I just got this bike yesterday and I've done only one ride on it, I'll update this as I get more experience with it.

*Me:*
43
5'10" 155 lbs
25+ years of riding and racing on various terrains.

*The bike:*
$1,300 shipped
Aluminum frame
Ultegra / 685 / 785 hydro/mechanical
WTB i19 cross rims on slightly crappy hubs. 28mm entry level Conti slicks
Fairly nice Ritchey everything else, except the bizarre Biomax bars
22 lbs out of the box, size 55

*Immediate upgrade:*
Clement X'Plor MSO 36mm, set up tubeless. First attempt at ~50 psi.

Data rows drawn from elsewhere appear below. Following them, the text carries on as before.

Lemma arclength_inv0 : g (arclength_inv 0) = g a.
Proof.
have /andP[a0 b0] := arclength_inv_itv (lexx 0).
have : enorm (g (arclength_inv 0) - g a) <= 0.
  apply: enorm_incr_le_inner => // u v hu uv hv.
  have := arclength_inv_bound (lexx 0) (ltW hu) uv hv.
  have := arclength_ge0 (ltW hu) (le_trans uv (le_trans (ltW hv) b0)); lra.
move=> le0; apply/eqP; rewrite -subr_eq0; apply/eqP/enorm_eq0.
by apply/eqP; rewrite eq_le le0 enorm_ge0.
Qed.

Lemma arclength_inv_total : arclength_inv (arclength b) = b.
Proof.
have s0 : 0 <= arclength b := arclength_ge0 ab (lexx b).
have /andP[_ tb] := arclength_inv_itv s0.
apply/eqP; rewrite eq_le tb /=; apply: (sup_upper_bound (arclength_sublevel_sup s0)).
by split; rewrite ?ab ?lexx.
Qed.

Lemma arclength_reparametrisation : exists (l : R) (p : R -> 'rV[R]_n),
  [/\ 0 <= l, p 0 = g a, p l = g b,
      (forall r, 0 <= r -> exists2 t, a <= t <= b & p r = g t) &
      (forall r1 r2, 0 <= r1 -> 0 <= r2 -> enorm (p r1 - p r2) <= `|r1 - r2|)].
Proof.
exists (arclength b), (g \o arclength_inv); split => /=.
- exact: arclength_ge0 ab (lexx b).
- exact: arclength_inv0.
- by rewrite arclength_inv_total.
- by move=> r r0; exists (arclength_inv r) => //; exact: arclength_inv_itv.
- move=> r1 r2 r10 r20; have [r12|r21] := lerP r1 r2.
    by rewrite enorm_distC arclength_inv_lipschitz.
  by rewrite arclength_inv_lipschitz // ltW.
Qed.

End ArcLength.

Section AlongLipschitzPaths.
Context {R : realType} {n : nat} (E : set 'rV[R]_n) (f : 'rV[R]_n -> R)
  (A : {linear 'rV[R]_n -> R^o}) (p : R -> 'rV[R]_n) (a b : R).
Hypotheses (fl : loc_lipschitz_on E f) (pE : forall t, a <= t <= b -> E (p t))
  (p1 : forall s u, a <= s <= b -> a <= u <= b -> enorm (p s - p u) <= `|s - u|).
(* Fix $q\ge2$ and $z\in\mathbb Z$, and let $\Delta_n=\log_q n-\lceil\log_q n\rceil$. Then $$\lim_{n\to\infty}\frac{|\mathcal C_1(n,q,\lceil\log_q n\rceil+z)|}{\frac{q^n}{n}\big(\frac{q-1}{q}\big)^2 q^{\,\Delta_n-z-(\log_q e)(q-1)q^{\Delta_n-z-1}}}=1.$$
   Context: $\Sigma_q=\{0,\dots,q-1\}$. For integers $1\le k<n$, $\mathcal C_1(n,q,k)$ is the set of $\vec a\in\Sigma_q^n$ such that $a_1=\dots=a_k=0$, $a_{k+1}\ne0$, $a_n\ne0$, and $(a_{k+2},\dots,a_{n-1})$ contains no run of $k$ consecutive zeros. *)

From Stdlib Require Import Reals Lia ZArith Arith List.
Import ListNotations.
Open Scope R_scope.

Fixpoint all_words (q n : nat) : list (list nat) :=
  match n with
  | O => [ [] ]
  | S m => flat_map (fun w => map (fun a => a :: w) (seq 0 q)) (all_words q m)
  end.

(* l contains a run of k consecutive zeros (positions i, ..., i+k-1, all
   inside l).  Out-of-range positions read as the nonzero default 1. *)
Definition has_zero_run (k : nat) (l : list nat) : bool :=
  existsb (fun i => forallb (fun j => Nat.eqb (nth (i + j) l 1%nat) 0) (seq 0 k))
          (seq 0 (S (length l))).

(* Membership in C_1(n,q,k) for a word a of length n (0-based positions):
   a_1..a_k = 0, a_{k+1} <> 0, a_n <> 0, and (a_{k+2},...,a_{n-1}) has no
   run of k consecutive zeros. *)
Definition inC1 (n k : nat) (a : list nat) : bool :=
  forallb (fun i => Nat.eqb (nth i a 0%nat) 0) (seq 0 k)
  && negb (Nat.eqb (nth k a 0%nat) 0)
  && negb (Nat.eqb (nth (n - 1) a 0%nat) 0)
  && negb (has_zero_run k (firstn (n - k - 2) (skipn (k + 1) a))).

Definition card_C1 (n q k : nat) : nat :=
  length (filter (inC1 n k) (all_words q n)).

Definition logq (q x : R) : R := ln x / ln q.

(* ceiling: floor x = up x - 1, so ceil x = - floor (- x) = 1 - up (- x) *)
Definition Rceil (x : R) : Z := (1 - up (- x))%Z.

Definition Delta (q n : nat) : R := logq (INR q) (INR n) - IZR (Rceil (logq (INR q) (INR n))).

(* k_n = ceil(log_q n) + z, as a natural number (positive for large n) *)
Definition kn (q n : nat) (z : Z) : nat := Z.to_nat (Rceil (logq (INR q) (INR n)) + z).

Definition main_term (q n : nat) (z : Z) : R :=
  let Q := INR q in
  let D := Delta q n in
  (Q ^ n / INR n) * ((Q - 1) / Q) ^ 2 *
  Rpower Q (D - IZR z - (logq Q (exp 1)) * (Q - 1) * Rpower Q (D - IZR z - 1)).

*Out of the box impressions of the bike:*
- Frame is no frills but actually fairly nice. There doesn't appear to be any fancy hydroforming on this, it's pretty much just round tubes. Rear fender and rack mounts, "Breezer" shrouded rear dropouts, 2 bottle mounts. The frame's got a large Kinesis sticker on it so no mystery who made it. Welds are well executed. Somewhat "compact" look with a very slight slope to the top tube. I also looked at the alloy Diamondback Haanjo and this appears to be EXACTLY the same frame as that bike.
- Carbon fork is very, very beefy. Much thicker cross section than a typical non-disc fork.
- This 55 has a ~790mm standover with the upgraded 36mm tires. Geometry is fairly standard "endurance road" 72/73 with 430 chainstays. Not racy, not touring.
- I set the bike up fairly upright with a ~1" saddle to bar drop. The headtube is not as long as some other gravel models out there, this is more of a road frame.
- Tons of tire room in this frame and fork. 36mm tires fit easily, i'll bet you could get some fairly knobby 45s in there.
- I think the matte black paint is extremely nice looking. I waited several months to get this color and it was well worth it. Gloss black logos are much more subtle than Moto's typically loud awfulness. Aesthetically this is a good looking bike: everything is black, black and more black (none more black).
- 6800/685/785 componentry is unsurprisingly excellent. This one has a medium cage RD. I'd love to see Shimano come out with a clutched version of this derailleur for rough gravel riding. 785/685 brakes are extremely powerful and need to bed in, I'll give them a couple of weeks.
- FSA Gossomer crank is fine but nothing special. 50/34.
- 12-32 Ultegra cassette, you could climb some seriously steep stuff with this bike.
- Joytech hubs are cheap-o at first glance. Minimal machining, cup and cone, no frills. This is one spot where BD saved a few bucks. We'll see how they do.
- Biomax bars are really weird. Other may like them, I'm probably going to ditch them. The 4 Axis Comp stem is nice.
- Carbon Ritchey post and Ritchey Streem saddle are both pretty nice.
- Old reliable external cabling and external threaded BB on this one. Old school but huge selling points for me. I replaced all of the crappy clips on the hydro tubing with thin cable ties: much more secure.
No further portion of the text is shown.